• [Exercise aim]: Return all the lines below in which the string "None" appears.

• [Excerpted records]:
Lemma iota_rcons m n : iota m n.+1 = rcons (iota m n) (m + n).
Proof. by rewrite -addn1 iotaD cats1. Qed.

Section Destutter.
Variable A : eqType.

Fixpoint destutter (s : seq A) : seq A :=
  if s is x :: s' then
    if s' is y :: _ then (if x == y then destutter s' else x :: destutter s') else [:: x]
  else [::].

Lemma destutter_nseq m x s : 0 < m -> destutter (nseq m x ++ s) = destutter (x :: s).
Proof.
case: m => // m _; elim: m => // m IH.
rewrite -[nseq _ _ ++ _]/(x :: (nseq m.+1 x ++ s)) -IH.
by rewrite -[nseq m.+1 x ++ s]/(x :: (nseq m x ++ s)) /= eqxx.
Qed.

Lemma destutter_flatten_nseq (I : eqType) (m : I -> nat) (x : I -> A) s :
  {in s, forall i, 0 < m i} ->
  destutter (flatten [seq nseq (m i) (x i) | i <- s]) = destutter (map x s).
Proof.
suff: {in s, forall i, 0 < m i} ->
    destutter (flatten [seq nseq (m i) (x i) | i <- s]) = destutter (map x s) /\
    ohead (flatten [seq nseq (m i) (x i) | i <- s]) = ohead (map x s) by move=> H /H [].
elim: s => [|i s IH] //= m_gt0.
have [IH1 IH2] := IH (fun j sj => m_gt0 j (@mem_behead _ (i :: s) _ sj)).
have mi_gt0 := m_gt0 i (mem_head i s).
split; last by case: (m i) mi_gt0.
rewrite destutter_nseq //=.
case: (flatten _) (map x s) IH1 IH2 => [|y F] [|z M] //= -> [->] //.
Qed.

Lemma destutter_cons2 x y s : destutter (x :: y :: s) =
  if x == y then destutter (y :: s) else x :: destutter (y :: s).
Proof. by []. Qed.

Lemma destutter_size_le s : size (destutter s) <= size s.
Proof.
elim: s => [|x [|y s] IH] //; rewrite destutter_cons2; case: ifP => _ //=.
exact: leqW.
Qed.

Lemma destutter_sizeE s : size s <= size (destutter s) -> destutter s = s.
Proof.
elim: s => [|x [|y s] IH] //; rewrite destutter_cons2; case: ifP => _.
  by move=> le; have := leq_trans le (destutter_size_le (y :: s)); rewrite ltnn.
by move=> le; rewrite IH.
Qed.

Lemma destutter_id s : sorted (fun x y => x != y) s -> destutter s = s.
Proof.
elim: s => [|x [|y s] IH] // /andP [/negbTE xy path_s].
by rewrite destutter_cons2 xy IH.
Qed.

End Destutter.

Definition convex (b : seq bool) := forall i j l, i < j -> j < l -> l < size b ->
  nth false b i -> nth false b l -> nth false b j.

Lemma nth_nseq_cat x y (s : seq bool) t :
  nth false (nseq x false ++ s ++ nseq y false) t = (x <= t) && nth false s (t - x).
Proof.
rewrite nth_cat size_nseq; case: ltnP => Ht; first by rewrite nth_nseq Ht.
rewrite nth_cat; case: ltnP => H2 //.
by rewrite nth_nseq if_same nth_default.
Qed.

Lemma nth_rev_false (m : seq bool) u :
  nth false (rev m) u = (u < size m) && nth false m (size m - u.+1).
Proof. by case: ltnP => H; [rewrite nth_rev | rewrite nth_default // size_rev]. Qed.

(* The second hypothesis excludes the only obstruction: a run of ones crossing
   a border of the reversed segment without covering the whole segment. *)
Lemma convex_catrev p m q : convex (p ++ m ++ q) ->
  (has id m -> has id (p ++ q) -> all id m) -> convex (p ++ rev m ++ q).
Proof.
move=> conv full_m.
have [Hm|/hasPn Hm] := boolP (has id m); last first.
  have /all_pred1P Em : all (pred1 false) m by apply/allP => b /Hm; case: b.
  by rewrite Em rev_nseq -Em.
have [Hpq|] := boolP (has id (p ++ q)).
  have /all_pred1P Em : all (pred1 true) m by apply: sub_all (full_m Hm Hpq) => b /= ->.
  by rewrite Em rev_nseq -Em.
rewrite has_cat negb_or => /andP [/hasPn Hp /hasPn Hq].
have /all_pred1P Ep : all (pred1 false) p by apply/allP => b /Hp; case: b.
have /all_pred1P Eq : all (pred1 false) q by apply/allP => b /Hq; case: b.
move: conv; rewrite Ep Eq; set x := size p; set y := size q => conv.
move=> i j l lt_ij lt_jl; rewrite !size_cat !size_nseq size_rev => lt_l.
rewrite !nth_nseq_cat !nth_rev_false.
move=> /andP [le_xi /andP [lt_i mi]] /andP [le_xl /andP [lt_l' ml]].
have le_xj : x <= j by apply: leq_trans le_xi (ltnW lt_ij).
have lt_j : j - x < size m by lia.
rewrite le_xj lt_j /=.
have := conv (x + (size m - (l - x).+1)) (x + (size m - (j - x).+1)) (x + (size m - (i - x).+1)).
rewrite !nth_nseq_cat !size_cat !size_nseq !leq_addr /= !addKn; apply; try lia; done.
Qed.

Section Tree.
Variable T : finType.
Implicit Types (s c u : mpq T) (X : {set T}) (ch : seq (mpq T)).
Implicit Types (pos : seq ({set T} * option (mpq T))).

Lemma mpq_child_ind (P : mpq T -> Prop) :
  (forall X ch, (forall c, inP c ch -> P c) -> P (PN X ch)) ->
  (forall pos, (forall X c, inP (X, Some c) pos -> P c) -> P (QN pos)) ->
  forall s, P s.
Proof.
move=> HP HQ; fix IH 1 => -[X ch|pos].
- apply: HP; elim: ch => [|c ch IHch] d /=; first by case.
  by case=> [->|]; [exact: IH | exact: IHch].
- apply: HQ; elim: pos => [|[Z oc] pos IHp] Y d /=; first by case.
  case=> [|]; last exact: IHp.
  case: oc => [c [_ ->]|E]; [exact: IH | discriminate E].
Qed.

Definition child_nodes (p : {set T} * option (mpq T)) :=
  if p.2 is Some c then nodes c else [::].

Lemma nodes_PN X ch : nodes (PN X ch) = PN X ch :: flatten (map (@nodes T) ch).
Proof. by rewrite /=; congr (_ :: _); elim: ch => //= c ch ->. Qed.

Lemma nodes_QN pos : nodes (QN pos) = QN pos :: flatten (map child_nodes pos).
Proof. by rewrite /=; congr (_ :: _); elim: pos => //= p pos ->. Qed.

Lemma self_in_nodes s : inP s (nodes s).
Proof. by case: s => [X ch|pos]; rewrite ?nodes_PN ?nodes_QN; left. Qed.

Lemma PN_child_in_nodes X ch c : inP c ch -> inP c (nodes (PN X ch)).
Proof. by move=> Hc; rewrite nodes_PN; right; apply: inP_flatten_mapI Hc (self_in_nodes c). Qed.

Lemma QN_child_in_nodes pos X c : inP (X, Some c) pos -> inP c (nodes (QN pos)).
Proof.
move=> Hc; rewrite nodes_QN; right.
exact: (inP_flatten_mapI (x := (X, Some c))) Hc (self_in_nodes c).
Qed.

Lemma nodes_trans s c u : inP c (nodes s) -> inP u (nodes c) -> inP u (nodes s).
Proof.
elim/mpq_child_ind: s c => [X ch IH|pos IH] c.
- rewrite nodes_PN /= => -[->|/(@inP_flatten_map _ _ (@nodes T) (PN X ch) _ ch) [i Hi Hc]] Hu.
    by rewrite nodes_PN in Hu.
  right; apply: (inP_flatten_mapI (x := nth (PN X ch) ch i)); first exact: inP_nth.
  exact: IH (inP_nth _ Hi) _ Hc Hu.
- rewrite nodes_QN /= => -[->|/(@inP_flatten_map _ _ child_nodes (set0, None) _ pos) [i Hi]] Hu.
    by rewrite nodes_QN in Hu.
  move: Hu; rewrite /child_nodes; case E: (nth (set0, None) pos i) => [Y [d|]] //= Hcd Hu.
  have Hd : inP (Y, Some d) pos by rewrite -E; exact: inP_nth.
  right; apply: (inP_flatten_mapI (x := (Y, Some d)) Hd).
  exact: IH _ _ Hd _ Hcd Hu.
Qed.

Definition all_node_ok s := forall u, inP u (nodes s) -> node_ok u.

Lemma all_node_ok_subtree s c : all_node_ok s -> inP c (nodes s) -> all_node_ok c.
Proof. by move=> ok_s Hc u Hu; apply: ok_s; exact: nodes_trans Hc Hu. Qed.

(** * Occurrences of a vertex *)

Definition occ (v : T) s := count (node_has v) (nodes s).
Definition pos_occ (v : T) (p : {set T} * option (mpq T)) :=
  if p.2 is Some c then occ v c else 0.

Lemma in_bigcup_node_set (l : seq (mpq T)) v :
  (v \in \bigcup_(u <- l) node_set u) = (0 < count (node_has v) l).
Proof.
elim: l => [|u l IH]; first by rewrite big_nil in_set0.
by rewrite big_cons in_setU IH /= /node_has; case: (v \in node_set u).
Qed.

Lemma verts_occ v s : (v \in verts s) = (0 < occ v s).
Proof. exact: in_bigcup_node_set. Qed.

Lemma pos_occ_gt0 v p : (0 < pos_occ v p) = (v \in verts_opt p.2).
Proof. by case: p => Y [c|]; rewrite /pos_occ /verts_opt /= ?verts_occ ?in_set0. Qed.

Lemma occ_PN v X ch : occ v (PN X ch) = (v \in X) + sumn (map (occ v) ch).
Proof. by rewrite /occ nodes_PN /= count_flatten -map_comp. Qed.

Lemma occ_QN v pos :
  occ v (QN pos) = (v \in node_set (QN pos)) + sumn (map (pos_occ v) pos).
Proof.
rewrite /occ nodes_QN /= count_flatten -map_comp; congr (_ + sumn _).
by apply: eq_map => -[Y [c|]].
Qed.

...

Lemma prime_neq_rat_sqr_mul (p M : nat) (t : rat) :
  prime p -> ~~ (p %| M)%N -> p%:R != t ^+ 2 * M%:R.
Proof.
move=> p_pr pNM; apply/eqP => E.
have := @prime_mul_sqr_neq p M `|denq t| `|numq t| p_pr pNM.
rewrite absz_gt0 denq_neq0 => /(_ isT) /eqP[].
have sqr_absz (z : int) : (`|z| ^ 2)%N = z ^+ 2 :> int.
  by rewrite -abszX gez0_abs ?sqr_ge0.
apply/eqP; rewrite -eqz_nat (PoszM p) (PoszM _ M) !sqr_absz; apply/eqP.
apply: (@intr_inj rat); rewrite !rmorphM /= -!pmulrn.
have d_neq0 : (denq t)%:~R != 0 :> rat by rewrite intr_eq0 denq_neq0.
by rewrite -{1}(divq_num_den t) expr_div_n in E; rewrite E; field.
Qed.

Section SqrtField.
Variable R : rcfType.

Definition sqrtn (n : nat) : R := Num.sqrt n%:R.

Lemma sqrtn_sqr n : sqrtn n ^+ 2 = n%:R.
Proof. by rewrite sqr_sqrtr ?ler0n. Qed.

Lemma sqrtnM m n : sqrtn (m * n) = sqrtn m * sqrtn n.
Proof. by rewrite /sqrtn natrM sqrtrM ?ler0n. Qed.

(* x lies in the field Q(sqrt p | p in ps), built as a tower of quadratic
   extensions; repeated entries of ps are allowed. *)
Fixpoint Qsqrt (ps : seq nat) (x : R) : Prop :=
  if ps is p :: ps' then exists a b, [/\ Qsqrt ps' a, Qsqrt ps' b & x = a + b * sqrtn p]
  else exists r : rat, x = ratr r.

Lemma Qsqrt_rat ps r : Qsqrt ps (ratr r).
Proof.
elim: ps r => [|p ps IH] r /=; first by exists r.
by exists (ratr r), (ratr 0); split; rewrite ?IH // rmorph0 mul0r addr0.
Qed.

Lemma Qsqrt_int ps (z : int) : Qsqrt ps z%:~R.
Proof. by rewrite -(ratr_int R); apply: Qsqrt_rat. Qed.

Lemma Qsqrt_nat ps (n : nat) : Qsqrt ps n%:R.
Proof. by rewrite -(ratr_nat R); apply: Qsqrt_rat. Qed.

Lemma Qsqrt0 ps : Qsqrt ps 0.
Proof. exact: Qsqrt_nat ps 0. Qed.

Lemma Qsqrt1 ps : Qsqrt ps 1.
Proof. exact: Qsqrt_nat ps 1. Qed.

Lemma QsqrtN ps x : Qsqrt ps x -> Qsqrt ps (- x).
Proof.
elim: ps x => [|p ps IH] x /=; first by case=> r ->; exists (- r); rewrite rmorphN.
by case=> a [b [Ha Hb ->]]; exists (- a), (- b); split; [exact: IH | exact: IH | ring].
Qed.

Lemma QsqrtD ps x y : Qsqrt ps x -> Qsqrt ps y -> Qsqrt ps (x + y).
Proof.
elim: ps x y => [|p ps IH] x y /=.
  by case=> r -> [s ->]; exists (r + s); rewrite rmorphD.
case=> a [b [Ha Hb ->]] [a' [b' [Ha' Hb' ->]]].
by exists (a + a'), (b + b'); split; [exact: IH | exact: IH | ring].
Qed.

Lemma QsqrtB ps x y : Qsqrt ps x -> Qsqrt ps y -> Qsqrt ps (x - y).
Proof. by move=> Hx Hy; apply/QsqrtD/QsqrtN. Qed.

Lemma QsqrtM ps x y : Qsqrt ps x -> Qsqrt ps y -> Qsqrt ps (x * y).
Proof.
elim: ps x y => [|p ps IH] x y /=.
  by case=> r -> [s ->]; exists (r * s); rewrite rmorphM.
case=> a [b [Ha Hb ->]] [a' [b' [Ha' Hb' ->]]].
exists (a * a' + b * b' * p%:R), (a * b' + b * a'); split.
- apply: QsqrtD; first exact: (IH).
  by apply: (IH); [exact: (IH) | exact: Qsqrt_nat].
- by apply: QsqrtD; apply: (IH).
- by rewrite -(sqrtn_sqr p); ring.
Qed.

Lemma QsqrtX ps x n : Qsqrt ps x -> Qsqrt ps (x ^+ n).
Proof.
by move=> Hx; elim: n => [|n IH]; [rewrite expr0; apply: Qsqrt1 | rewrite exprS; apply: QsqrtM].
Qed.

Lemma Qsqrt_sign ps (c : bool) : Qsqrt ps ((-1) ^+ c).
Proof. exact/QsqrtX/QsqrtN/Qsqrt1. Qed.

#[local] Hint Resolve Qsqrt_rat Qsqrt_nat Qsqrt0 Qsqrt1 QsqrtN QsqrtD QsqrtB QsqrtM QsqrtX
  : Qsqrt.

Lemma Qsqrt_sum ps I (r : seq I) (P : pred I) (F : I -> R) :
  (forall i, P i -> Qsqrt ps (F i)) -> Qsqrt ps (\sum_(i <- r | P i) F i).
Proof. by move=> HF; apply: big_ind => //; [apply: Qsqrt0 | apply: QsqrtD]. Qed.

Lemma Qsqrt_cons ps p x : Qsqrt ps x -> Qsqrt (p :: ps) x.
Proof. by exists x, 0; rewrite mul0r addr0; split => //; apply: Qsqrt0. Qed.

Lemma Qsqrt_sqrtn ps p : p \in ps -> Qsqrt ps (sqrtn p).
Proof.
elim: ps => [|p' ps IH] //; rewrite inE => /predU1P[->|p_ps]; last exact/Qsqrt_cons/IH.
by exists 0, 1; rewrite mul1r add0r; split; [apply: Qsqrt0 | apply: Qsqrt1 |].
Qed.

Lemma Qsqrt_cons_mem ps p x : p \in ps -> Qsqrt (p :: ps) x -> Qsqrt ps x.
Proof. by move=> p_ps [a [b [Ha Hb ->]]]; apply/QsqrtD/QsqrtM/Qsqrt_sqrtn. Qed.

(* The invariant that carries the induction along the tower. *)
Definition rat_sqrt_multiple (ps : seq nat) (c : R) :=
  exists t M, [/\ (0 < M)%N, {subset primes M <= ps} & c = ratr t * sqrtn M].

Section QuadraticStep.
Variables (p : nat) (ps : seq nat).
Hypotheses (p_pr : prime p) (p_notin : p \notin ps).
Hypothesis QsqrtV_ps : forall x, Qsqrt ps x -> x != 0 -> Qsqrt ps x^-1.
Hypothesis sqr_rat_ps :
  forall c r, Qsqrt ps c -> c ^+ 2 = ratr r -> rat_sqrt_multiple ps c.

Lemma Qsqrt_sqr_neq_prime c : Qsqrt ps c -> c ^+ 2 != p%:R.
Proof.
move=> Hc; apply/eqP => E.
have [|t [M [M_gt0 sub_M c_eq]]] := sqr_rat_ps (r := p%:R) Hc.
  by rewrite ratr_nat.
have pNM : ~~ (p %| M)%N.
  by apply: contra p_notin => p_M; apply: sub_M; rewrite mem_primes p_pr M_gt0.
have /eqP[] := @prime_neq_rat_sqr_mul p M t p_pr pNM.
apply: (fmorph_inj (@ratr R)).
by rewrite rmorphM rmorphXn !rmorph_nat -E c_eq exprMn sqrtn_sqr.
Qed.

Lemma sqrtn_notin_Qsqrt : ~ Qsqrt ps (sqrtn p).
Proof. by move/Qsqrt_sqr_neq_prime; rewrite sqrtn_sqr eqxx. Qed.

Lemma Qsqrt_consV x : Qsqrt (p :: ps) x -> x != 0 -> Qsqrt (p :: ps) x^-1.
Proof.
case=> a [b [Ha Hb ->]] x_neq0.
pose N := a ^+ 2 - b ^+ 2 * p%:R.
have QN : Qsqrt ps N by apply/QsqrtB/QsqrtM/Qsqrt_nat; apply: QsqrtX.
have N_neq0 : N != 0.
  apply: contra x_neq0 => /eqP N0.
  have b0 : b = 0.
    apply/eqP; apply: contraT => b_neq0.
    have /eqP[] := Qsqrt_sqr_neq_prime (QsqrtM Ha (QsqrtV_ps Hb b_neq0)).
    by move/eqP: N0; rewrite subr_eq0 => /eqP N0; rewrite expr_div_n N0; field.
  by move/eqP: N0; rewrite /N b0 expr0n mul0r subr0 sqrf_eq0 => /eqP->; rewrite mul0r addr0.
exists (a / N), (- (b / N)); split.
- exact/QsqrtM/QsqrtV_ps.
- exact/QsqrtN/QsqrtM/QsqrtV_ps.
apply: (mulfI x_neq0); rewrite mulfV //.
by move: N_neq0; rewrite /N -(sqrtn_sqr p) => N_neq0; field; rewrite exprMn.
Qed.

• [Solution for this task]:
- rewrite nodes_QN /= => -[->|/(@inP_flatten_map _ _ child_nodes (set0, None) _ pos) [i Hi]] Hu.
  move: Hu; rewrite /child_nodes; case E: (nth (set0, None) pos i) => [Y [d|]] //= Hcd Hu.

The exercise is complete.